The ruling, handed down on Thursday, was welcomed as an "outright vindication" by Le Roux's attorney Henry Vorster.

It is understood that the case has cost Le Roux alone just under R6m in legal fees over the past seven years.

The two men were found guilty last year by a regional magistrate, and sentenced to an effective four years' jail each, while one of Le Roux's companies, MCC, was fined R10 000.

The charges related to alleged failures to disclose some R2m due in commissions on property sales that MCC negotiated at the prestigious Fancourt golf estate in George.

In one of the deals, MCC waived its claims of commissions of R500 000 as part of an agreement that another Le Roux company would get an equivalent discount when it bought a property at Fancourt.

Judges Willem Louw and Dumisani Zondi said on Thursday that it had to be emphasised that MCC had relinquished the commissions before it received them, and got nothing in return for doing so.

They said it was clear from the evidence that Le Roux had established the MCC and other separate corporate entities in good faith for sound commercial reasons.

It was clear the waiver of the commissions occurred lawfully, in good faith and for practical commercial reasons, namely Le Roux's lack of cash.

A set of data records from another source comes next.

(* Lebesgue measure lambda_d (as Lebesgue outer measure: infimum of the total
   volume of countable covers by closed boxes; it coincides with Lebesgue
   measure on Borel sets, in particular on closed balls). *)
Definition box (l u : T) : set T :=
  [set x | forall i, tnth l i <= tnth x i <= tnth u i].
Definition box_vol (l u : T) : R := \prod_(i < d) (tnth u i - tnth l i).
Definition lebesgue_d (A : set T) : \bar R :=
  ereal_inf [set s | exists (l u : nat -> T),
    [/\ (forall k i, tnth (l k) i <= tnth (u k) i),
        A `<=` \bigcup_k box (l k) (u k)
      & s = (\sum_(0 <= k <oo) (box_vol (l k) (u k))%:E)%E]].

(* distance to a set: d(xi, Gamma) = inf_{a in Gamma} |xi - a|, = +oo if empty *)
Definition dist_set (nrm : T -> R) (xi : T) (G : set T) : \bar R :=
  ereal_inf [set (nrm (vsub xi a))%:E | a in G].

(* L^r quantization error e_r(Gamma, X) = (E d(X,Gamma)^r)^(1/r), mu = law of X *)
Definition qerr (nrm : T -> R) (mu : probability T R) (r : R) (G : set T)
  : \bar R :=
  ((\int[mu]_xi (dist_set nrm xi G `^ r)) `^ r^-1)%E.

(* a^(N) = {a_1, ..., a_N}  (a : nat -> T, only indices >= 1 are used) *)
Definition first_pts (a : nat -> T) (N : nat) : set T :=
  [set a k | k in [set k : nat | (1 <= k <= N)%N]].

Definition greedy_seq (nrm : T -> R) (mu : probability T R) (p : R)
    (a : nat -> T) : Prop :=
  forall (N : nat) (xi : T),
    (qerr nrm mu p (first_pts a N.+1) <=
       qerr nrm mu p (first_pts a N `|` [set xi]))%E.

Definition ratio_ball (mu : probability T R) (B : set T) : \bar R :=
  if mu B == 0%E then +oo%E else (lebesgue_d B * ((fine (mu B))^-1)%:E)%E.

Definition maxfun (nrm : T -> R) (mu : probability T R) (a : nat -> T)
    (b : R) (xi : T) : \bar R :=
  ereal_sup [set ratio_ball mu
                 (cball nrm xi (b * fine (dist_set nrm xi (first_pts a N))))
            | N in [set N : nat | (1 <= N)%N]].

End Defs.

From HB Require Import structures.
From mathcomp Require Import all_boot all_order all_algebra.
From mathcomp Require Import all_classical all_reals all_analysis.
From mathcomp Require Import measurable_realfun ring lra zify.
Set Implicit Arguments. Unset Strict Implicit. Unset Printing Implicit Defensive.
Import Order.TTheory GRing.Theory Num.Theory.
Local Open Scope classical_set_scope.
Local Open Scope ring_scope.

(* Write u N = E d(X, a^(N))^p.  Since a_(N+1) does at least as well as any
   other point xi, comparing with xi itself on the ball
   B = B(xi, b d(xi, a^(N))), where xi is closer than the old points, gives
     ((1 - b)^p - b^p) d(xi, a^(N))^p mu(B) <= u N - u (N + 1).
   The ball has Lebesgue measure of order (b d(xi, a^(N)))^d, so the maximal
   function gives mu(B) >= c d(xi, a^(N))^d / Psi_b(xi), whence
     d(xi, a^(N))^(p + d) <= C (u N - u (N + 1)) Psi_b(xi).
   Raising to the power p / (p + d) and integrating in xi yields
   u N ^ (1 + d / p) <= C' (u N - u (N + 1)), and such a recursion forces
   u N = O(N ^ (- p / d)). *)

Lemma measurable_bigmax (dT : measure_display) (X : measurableType dT)
    (R : realType) (I : eqType) (s : seq I) (f : I -> X -> R) :
  (forall i, measurable_fun setT (f i)) ->
  measurable_fun setT (fun x => \big[Order.max/0]_(i <- s) f i x).
Proof.
move=> mf; elim: s => [|i s IH].
  by under eq_fun do rewrite big_nil; exact: measurable_cst.
under eq_fun do rewrite big_cons.
exact: measurable_maxr.
Qed.

Lemma ge0_le_integral_nonmeasurable (dT : measure_display) (X : measurableType dT)
    (R : realType) (mu : {measure set X -> \bar R}) (D : set X) (f g : X -> \bar R) :
  (forall x, D x -> (0 <= f x)%E) -> (forall x, D x -> (f x <= g x)%E) ->
  (\int[mu]_(x in D) f x <= \int[mu]_(x in D) g x)%E.
Proof.
move=> f0 fg.
have g0 x : D x -> (0 <= g x)%E by move=> Dx; exact: le_trans (f0 x Dx) (fg x Dx).
rewrite !ge0_integralE //.
apply: ge_ereal_sup => _ [h hf <-]; apply: ereal_sup_ubound; exists h => //= x.
apply: (le_trans (hf x)); rewrite /patch; case: ifP => // /set_mem Dx.
exact: fg.
Qed.

Lemma integral_add_indic (dT : measure_display) (X : measurableType dT) (R : realType)
    (mu : {measure set X -> \bar R}) (f : X -> R) (c : R) (B : set X) :
  measurable_fun setT f -> (forall x, 0 <= f x) -> 0 <= c -> measurable B ->
  (\int[mu]_x (f x + c * \1_B x)%:E = \int[mu]_x (f x)%:E + c%:E * mu B)%E.
Proof.
move=> mf f0 c0 mB.
under eq_integral do rewrite EFinD EFinM.
rewrite ge0_integralD //; last 4 first.
- by move=> x _; rewrite lee_fin.
- exact/measurable_EFinP.
- by move=> x _; rewrite lee_fin mulr_ge0.
- by apply/measurable_EFinP; apply: measurable_funM => //; exact: measurable_indic.
rewrite ge0_integralZl //; last exact/measurable_EFinP/measurable_indic.
by rewrite integral_indic // setIT.
Qed.

Lemma bounded_limn_esup_lty (R : realType) (v : nat -> \bar R) (B : R) :
  (forall N, (v N <= B%:E)%E) -> (limn_esup v < +oo)%E.
Proof.
move=> vB; rewrite limn_esup_lim.
have -> : limn (esups v) = ereal_inf (range (esups v)).
  by apply/cvg_lim => //; exact: cvg_esups_inf.
apply: le_lt_trans (ereal_inf_lbound _) _; first by exists 0%N.
apply: le_lt_trans (ltry B); apply: ge_ereal_sup => _ [k _ <-]; exact: vB.
Qed.

Lemma powR_add_le (R : realType) (x y p : R) : 0 <= x -> 0 <= y -> 0 < p ->
  (x + y) `^ p <= 2 `^ p * (x `^ p + y `^ p).
Proof.
move=> x0 y0 p0.
wlog yx : x y x0 y0 / y <= x.
  move=> H; case: (leP y x) => [|/ltW xy]; first exact: H.
  by rewrite addrC [x `^ p + _]addrC; exact: H.
apply: (@le_trans _ _ ((2 * x) `^ p)).
  by apply: ge0_ler_powR; rewrite ?nnegrE ?addr_ge0 ?mulr_ge0 ?(ltW p0) //; lra.
by rewrite powRM // ler_wpM2l ?powR_ge0 // lerDl powR_ge0.
Qed.

Lemma ler_of_powRV (R : realType) (x y p : R) : 0 <= x -> 0 <= y -> 0 < p ->
  x `^ p^-1 <= y `^ p^-1 -> x <= y.
Proof.
move=> x0 y0 p0 /(ge0_ler_powR (ltW p0)).
rewrite !nnegrE !powR_ge0 -!powRrM mulVf ?gt_eqF // !powRr1 //.
by apply.
Qed.

Lemma powR_le_mixed (R : realType) (D A p : R) (n : nat) :
  0 < p -> 0 <= D -> 0 <= A -> D `^ p <= A ->
  D `^ p <= (A * D ^+ n) `^ (p / (p + n%:R)).
Proof.
move=> p0 D0 A0 DA; have [->|Dn0] := eqVneq D 0; first by rewrite powR0 ?gt_eqF ?powR_ge0.
have pn0 : p + n%:R != 0 by rewrite gt_eqF // (lt_le_trans p0) // lerDl ler0n.
have -> : D `^ p = (D `^ p * D ^+ n) `^ (p / (p + n%:R)).
  rewrite -powR_mulrn // -powRD ?Dn0 ?implybT // -powRrM.
  by congr (_ `^ _); field.
apply: ge0_ler_powR; rewrite ?nnegrE ?mulr_ge0 ?powR_ge0 ?exprn_ge0 ?divr_ge0 ?(ltW p0) //.
  by rewrite invr_ge0 (le_trans (ltW p0)) // lerDl ler0n.
by rewrite ler_wpM2r ?exprn_ge0.
Qed.

Section NormFacts.
Variables (R : realType) (d : nat) (nrm : d.-tuple R -> R).
Hypothesis nrmN : is_norm nrm.
Local Notation T := (d.-tuple R).

Lemma tnth_vadd (x y : T) i : tnth (vadd x y) i = tnth x i + tnth y i.
Proof. by rewrite /vadd tnth_mktuple. Qed.

Lemma tnth_vsub (x y : T) i : tnth (vsub x y) i = tnth x i - tnth y i.
Proof. by rewrite /vsub tnth_mktuple. Qed.

Lemma tnth_vscale c (x : T) i : tnth (vscale c x) i = c * tnth x i.
Proof. by rewrite /vscale tnth_mktuple. Qed.

Lemma tnth_vzero i : tnth (vzero R d) i = 0.
Proof. by rewrite /vzero tnth_mktuple. Qed.

Lemma norm_vscale c (x : T) : nrm (vscale c x) = `|c| * nrm x.
Proof. by case: nrmN. Qed.

Lemma norm_vadd_le (x y : T) : nrm (vadd x y) <= nrm x + nrm y.
Proof. by case: nrmN. Qed.

Lemma norm_vzero : nrm (vzero R d) = 0.
Proof.
have -> : vzero R d = vscale 0 (vzero R d).
  by apply: eq_from_tnth => i; rewrite tnth_vscale tnth_vzero mul0r.
by rewrite norm_vscale normr0 mul0r.
Qed.

Lemma vsub_vscaleN1 (x y : T) : vsub x y = vadd x (vscale (-1) y).
Proof.
by apply: eq_from_tnth => i; rewrite tnth_vadd tnth_vsub tnth_vscale mulN1r.
Qed.

Lemma norm_ge0 (x : T) : 0 <= nrm x.
Proof.
have := norm_vadd_le x (vscale (-1) x).
rewrite -vsub_vscaleN1 norm_vscale normrN normr1 mul1r.
have -> : vsub x x = vzero R d.
  by apply: eq_from_tnth => i; rewrite tnth_vsub tnth_vzero subrr.
by rewrite norm_vzero; lra.
Qed.

Lemma norm_vsubC (x y : T) : nrm (vsub x y) = nrm (vsub y x).
Proof.
have -> : vsub x y = vscale (-1) (vsub y x).
  by apply: eq_from_tnth => i; rewrite tnth_vscale !tnth_vsub mulN1r opprB.
by rewrite norm_vscale normrN normr1 mul1r.
Qed.

Lemma norm_vsub_triangle (x y z : T) :
  nrm (vsub x z) <= nrm (vsub x y) + nrm (vsub y z).
Proof.
have -> : vsub x z = vadd (vsub x y) (vsub y z).
  by apply: eq_from_tnth => i; rewrite tnth_vadd !tnth_vsub addrA subrK.
exact: norm_vadd_le.
Qed.

Lemma norm_vsub_le (x y : T) : nrm (vsub x y) <= nrm x + nrm y.
Proof.
rewrite vsub_vscaleN1; apply: (le_trans (norm_vadd_le _ _)).
by rewrite norm_vscale normrN normr1 mul1r.
Qed.

Lemma norm_le_vsub (x y : T) : nrm x <= nrm y + nrm (vsub x y).
Proof.
have {1}-> : x = vadd y (vsub x y).
  by apply: eq_from_tnth => i; rewrite tnth_vadd tnth_vsub addrC subrK.
exact: norm_vadd_le.
Qed.

Definition sup_norm (y : T) : R := \big[Order.max/0]_(i < d) `|tnth y i|.

Lemma sup_norm_ge0 (y : T) : 0 <= sup_norm y.
Proof. exact: bigmax_ge_id. Qed.

Lemma sup_norm_ge (y : T) i : `|tnth y i| <= sup_norm y.
Proof. exact: le_bigmax. Qed.

Lemma sup_norm_le (y : T) e : 0 <= e -> (forall i, `|tnth y i| <= e) -> sup_norm y <= e.
Proof. by move=> e0 h; apply: bigmax_le => // i _; exact: h. Qed.

Lemma sup_norm_lt (y : T) e : 0 < e -> (forall i, `|tnth y i| < e) -> sup_norm y < e.
Proof. by move=> e0 h; apply/bigmax_lt => // i _; exact: h. Qed.

Definition unit_vec (i : 'I_d) : T := [tuple ((i == j)%:R : R) | j < d].

Definition first_coords (k : nat) (y : T) : T :=
  [tuple if (j < k)%N then tnth y j else 0 | j < d].

Lemma first_coordsS (k : 'I_d) (y : T) :
  first_coords k.+1 y = vadd (first_coords k y) (vscale (tnth y k) (unit_vec k)).
Proof.
apply: eq_from_tnth => i.
rewrite tnth_vadd tnth_vscale /first_coords /unit_vec !tnth_mktuple.
rewrite eq_sym -val_eqE ltnS /=.
case: (ltngtP i k) => [ik|ki|ik].
- by rewrite mulr0 addr0.
- by rewrite mulr0 addr0.
- by rewrite mulr1 add0r (val_inj ik).
Qed.

Lemma norm_first_coords_le (y : T) (k : nat) : (k <= d)%N ->
  nrm (first_coords k y) <= \sum_(j < d | (j < k)%N) `|tnth y j| * nrm (unit_vec j).
Proof.
elim: k => [_|k IH kd].
  have -> : first_coords 0 y = vzero R d.
    by apply: eq_from_tnth => i; rewrite tnth_vzero /first_coords ?tnth_mktuple.
  by rewrite norm_vzero big_pred0.
rewrite (first_coordsS (Ordinal kd)) (bigD1 (Ordinal kd)) //= addrC.
apply: (le_trans (norm_vadd_le _ _)); rewrite norm_vscale lerD //.
rewrite (eq_bigl (fun j : 'I_d => (j < k)%N)); first exact: IH (ltnW kd).
by move=> i; rewrite ltnS -val_eqE /=; case: ltngtP.
Qed.

Definition sup_norm_const : R := 1 + \sum_(j < d) nrm (unit_vec j).

Lemma sup_norm_const_gt0 : 0 < sup_norm_const.
Proof.
rewrite /sup_norm_const ltr_pwDl //.
by apply: sumr_ge0 => i _; exact: norm_ge0.
Qed.

Lemma norm_le_sup_norm (y : T) : nrm y <= sup_norm_const * sup_norm y.
Proof.
have {1}-> : y = first_coords d y.
  by apply: eq_from_tnth => i; rewrite /first_coords tnth_mktuple ltn_ord.
apply: (le_trans (norm_first_coords_le _ (leqnn d))).
rewrite (eq_bigl xpredT); last by move=> i; rewrite ltn_ord.
apply: (@le_trans _ _ (\sum_(j < d) sup_norm y * nrm (unit_vec j))).
  apply: ler_sum => i _; apply: ler_wpM2r; [exact: norm_ge0 | exact: sup_norm_ge].
rewrite -mulr_sumr mulrC; apply: ler_wpM2r; first exact: sup_norm_ge0.
by rewrite /sup_norm_const lerDr.
Qed.

End NormFacts.

Section NormMeasurable.
Variables (R : realType) (d : nat) (nrm : d.-tuple R -> R).
Hypothesis nrmN : is_norm nrm.
Local Notation T := (d.-tuple R).

Lemma measurable_vsub (y : T) : measurable_fun setT (fun x : T => vsub x y).
Proof.
apply/measurable_fun_tnthP => i.
rewrite (_ : _ \o _ = (fun x : T => tnth x i - tnth y i)); last first.
  by apply: funext => x /=; rewrite tnth_vsub.
by apply: measurable_funB => //; exact: measurable_tnth.
Qed.

Lemma measurable_sup_norm : measurable_fun setT (@sup_norm R d).
Proof.
apply: (@measurable_bigmax _ T R _ _ (fun i (x : T) => `|tnth x i|)) => i.
by apply: measurableT_comp; [exact: normr_measurable | exact: measurable_tnth].
Qed.

(* [rat_point] enumerates the points with rational coordinates. *)
Definition rat_point (n : nat) : T :=
  [tuple ratr (tnth (odflt [tuple 0 | _ < d] (unpickle n)) i) | i < d].

Lemma rat_point_near (x : T) e : 0 < e ->
  exists n, sup_norm (vsub x (rat_point n)) < e /\ sup_norm (vsub (rat_point n) x) < e.
Proof.
move=> e0.
have xe i : tnth x i - e < tnth x i + e by rewrite ltrBlDr -addrA ltrDl addr_gt0.
pose q : d.-tuple rat := [tuple xchoose (rat_in_itvoo (xe i)) | i < d].
have qE i : tnth (rat_point (pickle q)) i = ratr (xchoose (rat_in_itvoo (xe i))).
  by rewrite /rat_point pickleK /= !tnth_mktuple.
have qx i : `|tnth x i - tnth (rat_point (pickle q)) i| < e.
  have := xchooseP (rat_in_itvoo (xe i)); rewrite in_itv /= -qE => /andP[? ?].
  by rewrite ltr_norml; apply/andP; split; lra.
exists (pickle q); split; apply: sup_norm_lt => // i; rewrite tnth_vsub //.
by rewrite distrC.
Qed.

"There is no evidence that the waivers were done for income tax purposes," they said.

"There was no fraud or other improper conduct in the establishment of the corporate entities or in the use of the separate corporate entities by (Le Roux) in the conduct of the affairs of those entities."

The judges said the State had not proved beyond a reasonable doubt that Le Roux and Van Heerden knew that the commissions had to be deemed to have accrued to MCC.

"In our view, the magistrate was wrong in finding that the evidence adduced, seen as a whole, justified the inference that (Van Heerden) acted with the knowledge that his conduct was unlawful," they said.

They agreed with senior counsel Wim Trengove, who appeared for Le Roux, that a key paragraph in the Income Tax Act was "obscure and uncertain".

They also found that the magistrate was wrong to find that MCC's liability for output tax arose at the time the service was rendered to Fancourt's owners.

"In the present case MCC did not invoice (Fancourt) for the sacrificed commissions nor did it receive payment of the sacrificed commissions," the judges said.

"The service was therefore not supplied for purposes of VAT."

The judges rejected a cross-appeal by the State, and ordered it to pay Le Roux and Van Heerden's costs for that.

Vorster said the Le Roux family had been "traumatised and ruined" by the experience.

"One is reminded that when the case started, in the plea explanation Mr Le Roux said he was not guilty of any of these charges.

"He has now been vindicated in what he told the court at the outset," he said.

Van Heerden and Le Roux have been on bail of R10 000 each.